Der Ford Mondeo Mk4 mit Siemens-VDO-Sensoren hatte in jedem Radhaus ein Antennchen. Da wurde nichts angelernt, sondern einfach abgefragt und auf Wunsch im Borddisplay angezeigt.
Das war zu Nutzerfreundlich und musste geändert werden.
Der Mk5 will die Sensoren angelernt haben. Die scheinen zyklisch zu senden oder auch außer der Reihe, wenn sich der Reifendruck deutlich verändert. Immerhin ist auch der noch so nett, mir die Werte anzuzeigen.
Stephan schrieb im Beitrag #7818125:
Da kocht jeder sein eigenes Süppchen, Hauptsache kompliziert.
Hallo Manfred, was ich nicht verstehe, wozu die Hersteller so ein Aufwand
betreiben ... warum legen die den Sensor nicht so lange schlafen bis
ein Druck detektiert wird und senden ab dann, wenn der Gyrosensor Werte
liefert ... egal, was solls.
warum legen die den Sensor nicht so lange schlafen bis
ein Druck detektiert wird und senden ab dann, wenn der Gyrosensor Werte
liefert
Es geht darum Energie zu sparen solange der Sensor nur im Lager liegt und noch nicht verbaut wurde.
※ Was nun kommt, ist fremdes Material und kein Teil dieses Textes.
Lemma D_word_end_config sh i m e (w : seq nat) : uniq w -> 0 < i -> end_config i m e w ->
  D_word sh i w =
  if (Posz (size sh) < spread3 (word_shcontent sh w i) (word_shcontent sh w m)
                              (word_shcontent sh w e))%R
  then map (transp i e) w else map (rot3 i m e) w.
Proof.
move=> Uw Hi Hc; have [im me ie] := end_config_neq Hi Hc.
case: Hc => Hme wi wm we Hmid.
have si : index i w < size w by rewrite index_mem.
have sm : index m w < size w by rewrite index_mem.
have se : index e w < size w by rewrite index_mem.
have dm : index i w != index m w by apply: contra im => /eqP /(index_inj wi wm) ->.
have de : index m w != index e w by apply: contra me => /eqP /(index_inj wm we) ->.
have nb : between w i = false.
  by move: Hmid dm de; rewrite /between /amid; case: Hme => -[-> ->]; lia.
have perm : perm_eq [:: index i.-1 w; index i w; index i.+1 w] [:: index i w; index m w; index e w].
  by case: Hme => -[-> ->]; apply/permP => f /=; lia.
rewrite /D_word /td_op nb.
have -> : spread3 (word_shcontent sh w i.-1) (word_shcontent sh w i) (word_shcontent sh w i.+1)
    = spread3 (word_shcontent sh w i) (word_shcontent sh w m) (word_shcontent sh w e).
  by case: Hme => -[-> ->]; rewrite /spread3; lia.
case: ifP => _.
  have -> : d_op i w = swap_letters w i e.
    move: Hmid dm de; rewrite /amid /d_op nb /posdist.
    by case: Hme => -[-> ->] Hmid' dm' de'; case: ifP => //; lia.
  exact: swap_lettersE.
have rot_fix x : x != i -> x != m -> x != e -> rot3 i m e x = x.
  by rewrite /rot3 => /negbTE -> /negbTE -> /negbTE ->.
case/orP: Hmid => /andP [lt1 lt2].
- rewrite (sort_leq3 lt1 lt2 perm) /= !nth_index // eqxx.
  apply: set_nth3_map; rewrite ?nth_index //; try by rewrite /rot3; repeat case: eqP; lia.
  by move=> x _ ? ? ?; apply: rot_fix.
- rewrite (sort_leq3 lt1 lt2); last by apply: perm_trans perm _; apply/permP => f /=; lia.
  rewrite /= !nth_index // eq_sym (negbTE ie) eqxx.
  apply: set_nth3_map; rewrite ?nth_index //; try by rewrite /rot3; repeat case: eqP; lia.
  by move=> x _ ? ? ?; apply: rot_fix.
Qed.

Lemma amid_index_map (g : nat -> nat) (w : seq nat) a b c a' b' c' : injective g ->
  g a' = a -> g b' = b -> g c' = c ->
  amid (index a (map g w)) (index b (map g w)) (index c (map g w)) =
  amid (index a' w) (index b' w) (index c' w).
Proof. by move=> Hg <- <- <-; rewrite !index_map. Qed.

Lemma spread3_word_map sh (g : nat -> nat) (w : seq nat) a b c a' b' c' : injective g ->
  g a' = a -> g b' = b -> g c' = c ->
  spread3 (word_shcontent sh (map g w) a) (word_shcontent sh (map g w) b)
          (word_shcontent sh (map g w) c) =
  spread3 (word_shcontent sh w a') (word_shcontent sh w b') (word_shcontent sh w c').
Proof. by move=> Hg <- <- <-; rewrite /word_shcontent /word_cell !index_map. Qed.

Lemma end_config_map_transp i m e (w : seq nat) : 0 < i -> end_config i m e w ->
  end_config i m e (map (transp i e) w).
Proof.
move=> Hi Hc; have [im me ie] := end_config_neq Hi Hc.
have gi : transp i e e = i by rewrite /transp eqxx eq_sym (negbTE ie).
have gm : transp i e m = m by rewrite /transp eq_sym (negbTE im) (negbTE me).
have ge : transp i e i = e by rewrite /transp eqxx.
case: Hc => Hme wi wm we Hmid; split => //.
- by apply/mapP; exists e; rewrite ?gi.
- by apply/mapP; exists m; rewrite ?gm.
- by apply/mapP; exists i; rewrite ?ge.
- by rewrite (amid_index_map _ (@transp_inj i e) gi gm ge) amidC.
Qed.

Lemma end_config_map_rot3 i m e (w : seq nat) : 0 < i -> end_config i m e w ->
  end_config i e m (map (rot3 i m e) w).
Proof.
move=> Hi Hc; have [im me ie] := end_config_neq Hi Hc.
have gi : rot3 i m e e = i by rewrite /rot3; repeat case: eqP; lia.
have gm : rot3 i m e m = e by rewrite /rot3; repeat case: eqP; lia.
have ge : rot3 i m e i = m by rewrite /rot3 eqxx.
case: Hc => Hme wi wm we Hmid; split.
- by case: Hme => -[-> ->]; auto.
- by apply/mapP; exists e; rewrite ?gi.
- by apply/mapP; exists m; rewrite ?gm.
- by apply/mapP; exists i; rewrite ?ge.
- by rewrite (amid_index_map _ (rot3_inj im me ie) gi gm ge) amidC.
Qed.

Lemma D_word_end_config_invol sh i m e (w : seq nat) : uniq w -> 0 < i -> end_config i m e w ->
  D_word sh i (D_word sh i w) = w.
Proof.
move=> Uw Hi Hc; have [im me ie] := end_config_neq Hi Hc.
rewrite (D_word_end_config _ Uw Hi Hc); case: ifP => B.
  have Hg := @transp_inj i e.
  have [gi gm ge] : [/\ transp i e e = i, transp i e m = m & transp i e i = e].
    by rewrite /transp; split; repeat case: eqP; lia.
  rewrite (D_word_end_config _ (etrans (map_inj_uniq Hg w) Uw) Hi (end_config_map_transp Hi Hc)).
  rewrite (spread3_word_map _ _ Hg gi gm ge) spread3_rev B.
  exact: (mapK (transpK i e : cancel _ (transp i e))).
have Hg := rot3_inj im me ie.
have [gi gm ge] : [/\ rot3 i m e e = i, rot3 i m e m = e & rot3 i m e i = m].
  by rewrite /rot3; split; repeat case: eqP; lia.
rewrite (D_word_end_config _ (etrans (map_inj_uniq Hg w) Uw) Hi (end_config_map_rot3 Hi Hc)).
rewrite (spread3_word_map _ _ Hg gi gm ge) spread3_rev B.
exact: (mapK (rot3K im me ie)).
Qed.

Lemma D_word_between sh i (w : seq nat) : between w i -> D_word sh i w = w.
Proof. by move=> B; rewrite /D_word /d_op /td_op B if_same. Qed.

Lemma D_word_involutive sh i (w : seq nat) : uniq w -> 0 < i ->
  i.-1 \in w -> i \in w -> i.+1 \in w -> D_word sh i (D_word sh i w) = w.
Proof.
move=> Uw Hi w1 w2 w3; case: (boolP (between w i)) => [B | nB].
  by rewrite !D_word_between.
have [m [e Hc]] := end_config_exists Hi w1 w2 w3 nB.
exact: D_word_end_config_invol Uw Hi Hc.
Qed.

Lemma of_word_rword sh T x : uniq (rcells sh) -> in_cells sh x -> of_word sh (rword sh T) x = T x.
Proof.
move=> U; rewrite -mem_rcells => Hx.
by rewrite /of_word /rword (nth_map (0,(0,0))) ?index_mem // nth_index.
Qed.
Es ist alles abgeschalten bis auf den LF Detektor (der kann so konfiguriert werden dass er selbständig ein vorher festgelegtes SYNC Feld in den LF Daten erkennt und dann den Mikrocontroller aufweckt, der kümmert sich dann um die Auswertung der restlichen Daten).
Welle 🧐 S. schrieb im Beitrag #7818538:
Es geht darum Energie zu sparen solange der Sensor nur im Lager liegt
Hallo Dieter, ist ja klar, mich wundert: verbraucht der LF weniger Strom als den ADC des Drucksensor zu samplen und bei einen Schwellwert den
Rest aufzuwecken.
Der muss ja vorher nicht senden.
Klar es muss ein Timer laufen, aber der LF verbraucht ja auch Strom? Oder
wird der durch die HF induziert?
Wenn man es richtig macht kann man den LF Detektor fast vollständig über die Energie des LF Feldes betreiben, ähnlich wie bei den passiven RFID Tags, die im selben Frequenzbereich arbeiten.
Noch eine Frage die Sinuswelle beginngt an der fallenden Flanke, müsste
die nicht exact an der steigenden Flanke enden?
Nein, Phasenverschiebungen sind völlig normal.
Nur wenn das funktionierende Triggergerät während der Aussendung die Phasenlage ändert, ist Aufmerksamkeit geboten, aber das dürfte einfaches OOK verwenden, vermutlich Manchester-codiert.
Ich habe paralell dazu ein passendes Tool und ein SDR (SDRplay1A) im
zulauf ... der kann wohl bis 100kHz runter.
Ich würde das wie gesagt eher mit dem Oszi machen, 125kHz sind dafür ja keine Hürde.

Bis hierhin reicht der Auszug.